### Directions for this task
Please keep to the lines below from the one with "Fact comb_is_linear : linear comb." through the one with "HB.instance Definition _", and restate them word for word, ends included.

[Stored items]
(* Let $A$ be an AUF algebra and let $e\in A$ be a generating idempotent. Then the map $A\to\mathrm{End}^0_{-,eAe}(Ae)$ sending each $a\in A$ to the operator of left multiplication by $a$ on $Ae$ is a linear isomorphism.
   Context: All algebras are associative $\mathbb C$-algebras, not necessarily unital. An idempotent is $e$ with $e^2=e$. An algebra $A$ is AUF if there is a family $(e_i)_{i\in\mathfrak I}$ of mutually orthogonal idempotents with $\dim e_iAe_j<\infty$ and $A=\sum_{i,j}e_iAe_j$. A left $A$-module $M$ is quasicoherent if $\xi\in A\xi$ for all $\xi\in M$. Irreducible means nonzero with no nonzero proper submodules. An idempotent $e$ is generating if every irreducible quasicoherent left $A$-module is a quotient of $Ae$. For a quasicoherent left $A$-module $M$: $M^\vee$ is the space of linear functionals $\varphi$ on $M$ for which there is an idempotent $f\in A$ with $\varphi(f\eta)=\varphi(\eta)$ for all $\eta$; $\mathrm{End}^0(M)$ is the span in $\mathrm{End}(M)$ of the operators $\eta\mapsto\varphi(\eta)\xi$ with $\xi\in M$, $\varphi\in M^\vee$; if $M$ carries a right action of an algebra $C$ commuting with $A$, $\mathrm{End}^0_{-,C}(M)=\{T\in\mathrm{End}^0(M):T(\xi c)=T(\xi)c\ \forall\xi,c\}$. Here $Ae$ carries the right action of $eAe$ by multiplication. *)

From mathcomp Require Import all_boot all_algebra.
From mathcomp Require Export complex reals.
Set Implicit Arguments. Unset Strict Implicit. Unset Printing Implicit Defensive.
Import GRing.Theory.
Local Open Scope ring_scope.

Section NuAlg.
Variable K : fieldType.

Definition is_nualg (A : lmodType K) (mul : A -> A -> A) : Prop :=
  [/\ forall a b c, mul a (mul b c) = mul (mul a b) c,
      forall (k : K) a b c, mul (k *: a + b) c = k *: mul a c + mul b c
    & forall (k : K) a b c, mul a (k *: b + c) = k *: mul a b + mul a c].

Definition fin_dim (V : lmodType K) (P : V -> Prop) : Prop :=
  exists s : seq V, forall x, P x ->
    exists c : 'I_(size s) -> K, x = \sum_(i < size s) c i *: s`_i.

Variables (A : lmodType K) (mul : A -> A -> A).

Definition idempotent (e : A) : Prop := mul e e = e.

Definition AUF : Prop :=
  exists (I : Type) (E : I -> A),
    [/\ forall i, idempotent (E i),
        forall i j, i <> j -> mul (E i) (E j) = 0,
        forall i j, fin_dim (fun x : A => exists a, x = mul (mul (E i) a) (E j))
      & forall a : A, exists s : seq (I * I * A),
          a = \sum_(t <- s) mul (mul (E t.1.1) t.2) (E t.1.2)].

Definition is_module (M : lmodType K) (act : A -> M -> M) : Prop :=
  [/\ forall a b m, act (mul a b) m = act a (act b m),
      forall (k : K) a b m, act (k *: a + b) m = k *: act a m + act b m
    & forall (k : K) a m n, act a (k *: m + n) = k *: act a m + act a n].

Definition quasicoherent (M : lmodType K) (act : A -> M -> M) : Prop :=
  forall xi : M, exists a : A, act a xi = xi.

Definition is_submodule (M : lmodType K) (act : A -> M -> M) (P : M -> Prop) :=
  [/\ P 0, forall (k : K) m n, P m -> P n -> P (k *: m + n)
    & forall a m, P m -> P (act a m)].

Definition irreducible (M : lmodType K) (act : A -> M -> M) : Prop :=
  (exists m : M, m <> 0) /\
  forall P : M -> Prop, is_submodule act P ->
    (forall m, P m -> m = 0) \/ (forall m, P m).

Definition in_Ae (e x : A) : Prop := exists a : A, x = mul a e.

(* M is a quotient of the left A-module Ae: there is a surjective
   A-module map Ae -> M (represented by a function on A, only its
   restriction to Ae matters) *)
Definition quotient_of_Ae (e : A) (M : lmodType K) (act : A -> M -> M) : Prop :=
  exists f : A -> M,
    [/\ forall (k : K) x y, in_Ae e x -> in_Ae e y -> f (k *: x + y) = k *: f x + f y,
        forall a x, in_Ae e x -> f (mul a x) = act a (f x)
      & forall m : M, exists2 x, in_Ae e x & f x = m].

Definition generating (e : A) : Prop :=
  idempotent e /\
  forall (M : lmodType K) (act : A -> M -> M),
    is_module act -> quasicoherent act -> irreducible act -> quotient_of_Ae e act.

Definition in_dual_Ae (e : A) (phi : A -> K) : Prop :=
  (forall (k : K) x y, in_Ae e x -> in_Ae e y -> phi (k *: x + y) = k * phi x + phi y) /\
  exists f : A, idempotent f /\ forall eta, in_Ae e eta -> phi (mul f eta) = phi eta.

(* End^0(Ae): operators on Ae (functions A -> A restricted to Ae) in the span
   of the rank-one operators eta |-> phi(eta) xi, xi in Ae, phi in (Ae)^vee *)
Definition in_End0_Ae (e : A) (T : A -> A) : Prop :=
  exists (n : nat) (phi : 'I_n -> A -> K) (xi : 'I_n -> A),
    [/\ forall k, in_dual_Ae e (phi k),
        forall k, in_Ae e (xi k)
      & forall eta, in_Ae e eta -> T eta = \sum_(k < n) phi k eta *: xi k].

Definition in_End0_right_Ae (e : A) (T : A -> A) : Prop :=
  in_End0_Ae e T /\
  forall xi c, in_Ae e xi -> (exists b, c = mul (mul e b) e) ->
    T (mul xi c) = mul (T xi) c.

End NuAlg.

(* Left multiplication is linear and commutes with the right action of eAe;
   everything else rests on the equality A e A = A.  If an idempotent E of the
   AUF family were not in A e A, a maximal left ideal of the finite-dimensional
   corner algebra E A E containing E A e A E but not E yields a functional lam
   with lam E = 1 vanishing on it, and the matrix coefficients
   a |-> lam (E a x E) span a simple quasicoherent module killed by e, which
   is not a quotient of A e.  So every local unit u = sum E_l is a sum of
   terms p e q: an element c annihilating A e satisfies c = c u = 0, and T
   commuting with eAe satisfies T x = T (u x) = sum T (p e) (e q x), i.e. it is
   left multiplication by sum T (p e) (e q).  Conversely x |-> E_i b E_j x has
   finite rank on A e, because E_j A e is spanned by the finite-dimensional
   spaces E_j A E_k (q E_l) coming from a decomposition of e. *)

From HB Require Import structures.
From mathcomp Require Import all_boot all_algebra complex reals boolp.
Set Implicit Arguments. Unset Strict Implicit. Unset Printing Implicit Defensive.
Import GRing.Theory.
Local Open Scope ring_scope.

Section Subspaces.
Variables (K : fieldType) (A : lmodType K).

Definition subspace (P : A -> Prop) :=
  P 0 /\ forall k x y, P x -> P y -> P (k *: x + y).

Definition linear_on (P : A -> Prop) (phi : A -> K) :=
  forall k x y, P x -> P y -> phi (k *: x + y) = k * phi x + phi y.

Lemma subspace_sum P (I : Type) (r : seq I) (F : I -> A) :
  subspace P -> (forall i, P (F i)) -> P (\sum_(i <- r) F i).
Proof.
move=> [P0 PC] PF; elim: r => [|i r IH]; first by rewrite big_nil.
by rewrite big_cons -[F i]scale1r; apply: PC.
Qed.

Lemma subspaceZ P k x : subspace P -> P x -> P (k *: x).
Proof. by move=> [P0 PC] Px; rewrite -[_ *: _]addr0; apply: PC. Qed.

Lemma linear_on0 P phi : subspace P -> linear_on P phi -> phi 0 = 0.
Proof.
move=> [P0 _] phiL; have := phiL 1 0 0 P0 P0; rewrite scale1r addr0 mul1r => h.
by apply: (addrI (phi 0)); rewrite addr0 -h.
Qed.

End Subspaces.

Lemma exists_max_rank (K : fieldType) (m n : nat) (P : 'M[K]_(m, n) -> Prop) X :
  P X -> exists2 X0, P X0 & forall Y, P Y -> (\rank Y <= \rank X0)%N.
Proof.
move=> PX; pose Prank k := `[< exists2 Y, P Y & \rank Y = k >].
have exP : exists k, Prank k by exists (\rank X); apply/asboolP; exists X.
have ubP k : Prank k -> (k <= n)%N by move/asboolP => [Y _ <-]; apply: rank_leq_col.
case: (ex_maxnP exP ubP) => k /asboolP [X0 PX0 <-] maxk; exists X0 => // Y PY.
by apply: maxk; apply/asboolP; exists Y.
Qed.

Lemma row_subspace_repr (K : fieldType) (n : nat) (Q : 'rV[K]_n -> Prop) :
  subspace Q -> exists X : 'M[K]_n, forall r, Q r <-> (r <= X)%MS.
Proof.
move=> [Q0 QC].
have Psub0 r : (r <= (0 : 'M[K]_n))%MS -> Q r by rewrite submx0 => /eqP ->.
have [X Xsub Xmax] := exists_max_rank (P := fun X => forall r, (r <= X)%MS -> Q r) Psub0.
exists X => r; split=> [Qr|]; last exact: Xsub.
apply: contrapT => /negP rX.
have XrQ r' : (r' <= X + r)%MS -> Q r'.
  move=> /sub_addsmxP [[u v] /= ->]; rewrite [v]mx11_scalar mul_scalar_mx addrC.
  by apply: QC => //; apply: Xsub; apply: submxMl.
have := Xmax _ XrQ; rewrite leqNgt => /negP; apply; apply: rank_ltmx.
by rewrite ltmxE addsmxSl; apply: contra rX; apply: submx_trans (addsmxSr _ _).
Qed.

Section FiniteSpan.
Variables (K : fieldType) (A : lmodType K) (S : seq A).
Local Notation N := (size S).

Definition comb (r : 'rV[K]_N) : A := \sum_(i < N) r 0 i *: S`_i.

Fact comb_is_linear : linear comb.
Proof.
move=> k r r'; rewrite /comb scaler_sumr -big_split; apply: eq_bigr => i _.
by rewrite !mxE scalerDl scalerA.
Qed.
HB.instance Definition _ := GRing.isLinear.Build K _ _ _ comb comb_is_linear.

Definition in_span (x : A) := exists r, x = comb r.

Lemma in_span_subspace : subspace in_span.
Proof.
split; first by exists 0; rewrite linear0.
by move=> k _ _ [r ->] [r' ->]; exists (k *: r + r'); rewrite linearP.
Qed.

Lemma mem_in_span x : x \in S -> in_span x.
Proof.
move=> xS; have ix : (index x S < N)%N by rewrite index_mem.
exists (delta_mx 0 (Ordinal ix)); rewrite /comb (bigD1 (Ordinal ix)) //= mxE !eqxx.
rewrite scale1r nth_index // big1 ?addr0 // => j nj.
by rewrite mxE (negbTE nj) andbF scale0r.
Qed.

Definition span_coords (x : A) : 'rV[K]_N :=
  if pselect (in_span x) is left h then proj1_sig (cid h) else 0.

Lemma comb_span_coords x : in_span x -> comb (span_coords x) = x.
Proof.
by rewrite /span_coords; case: pselect => // h _; case: (cid h) => r /= ->.
Qed.

Definition rowspace_image (X : 'M[K]_N) (x : A) := exists2 r, (r <= X)%MS & x = comb r.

### Output for this task
Fact comb_is_linear : linear comb.
Proof.
move=> k r r'; rewrite /comb scaler_sumr -big_split; apply: eq_bigr => i _.
by rewrite !mxE scalerDl scalerA.
Qed.
HB.instance Definition _ := GRing.isLinear.Build K _ _ _ comb comb_is_linear.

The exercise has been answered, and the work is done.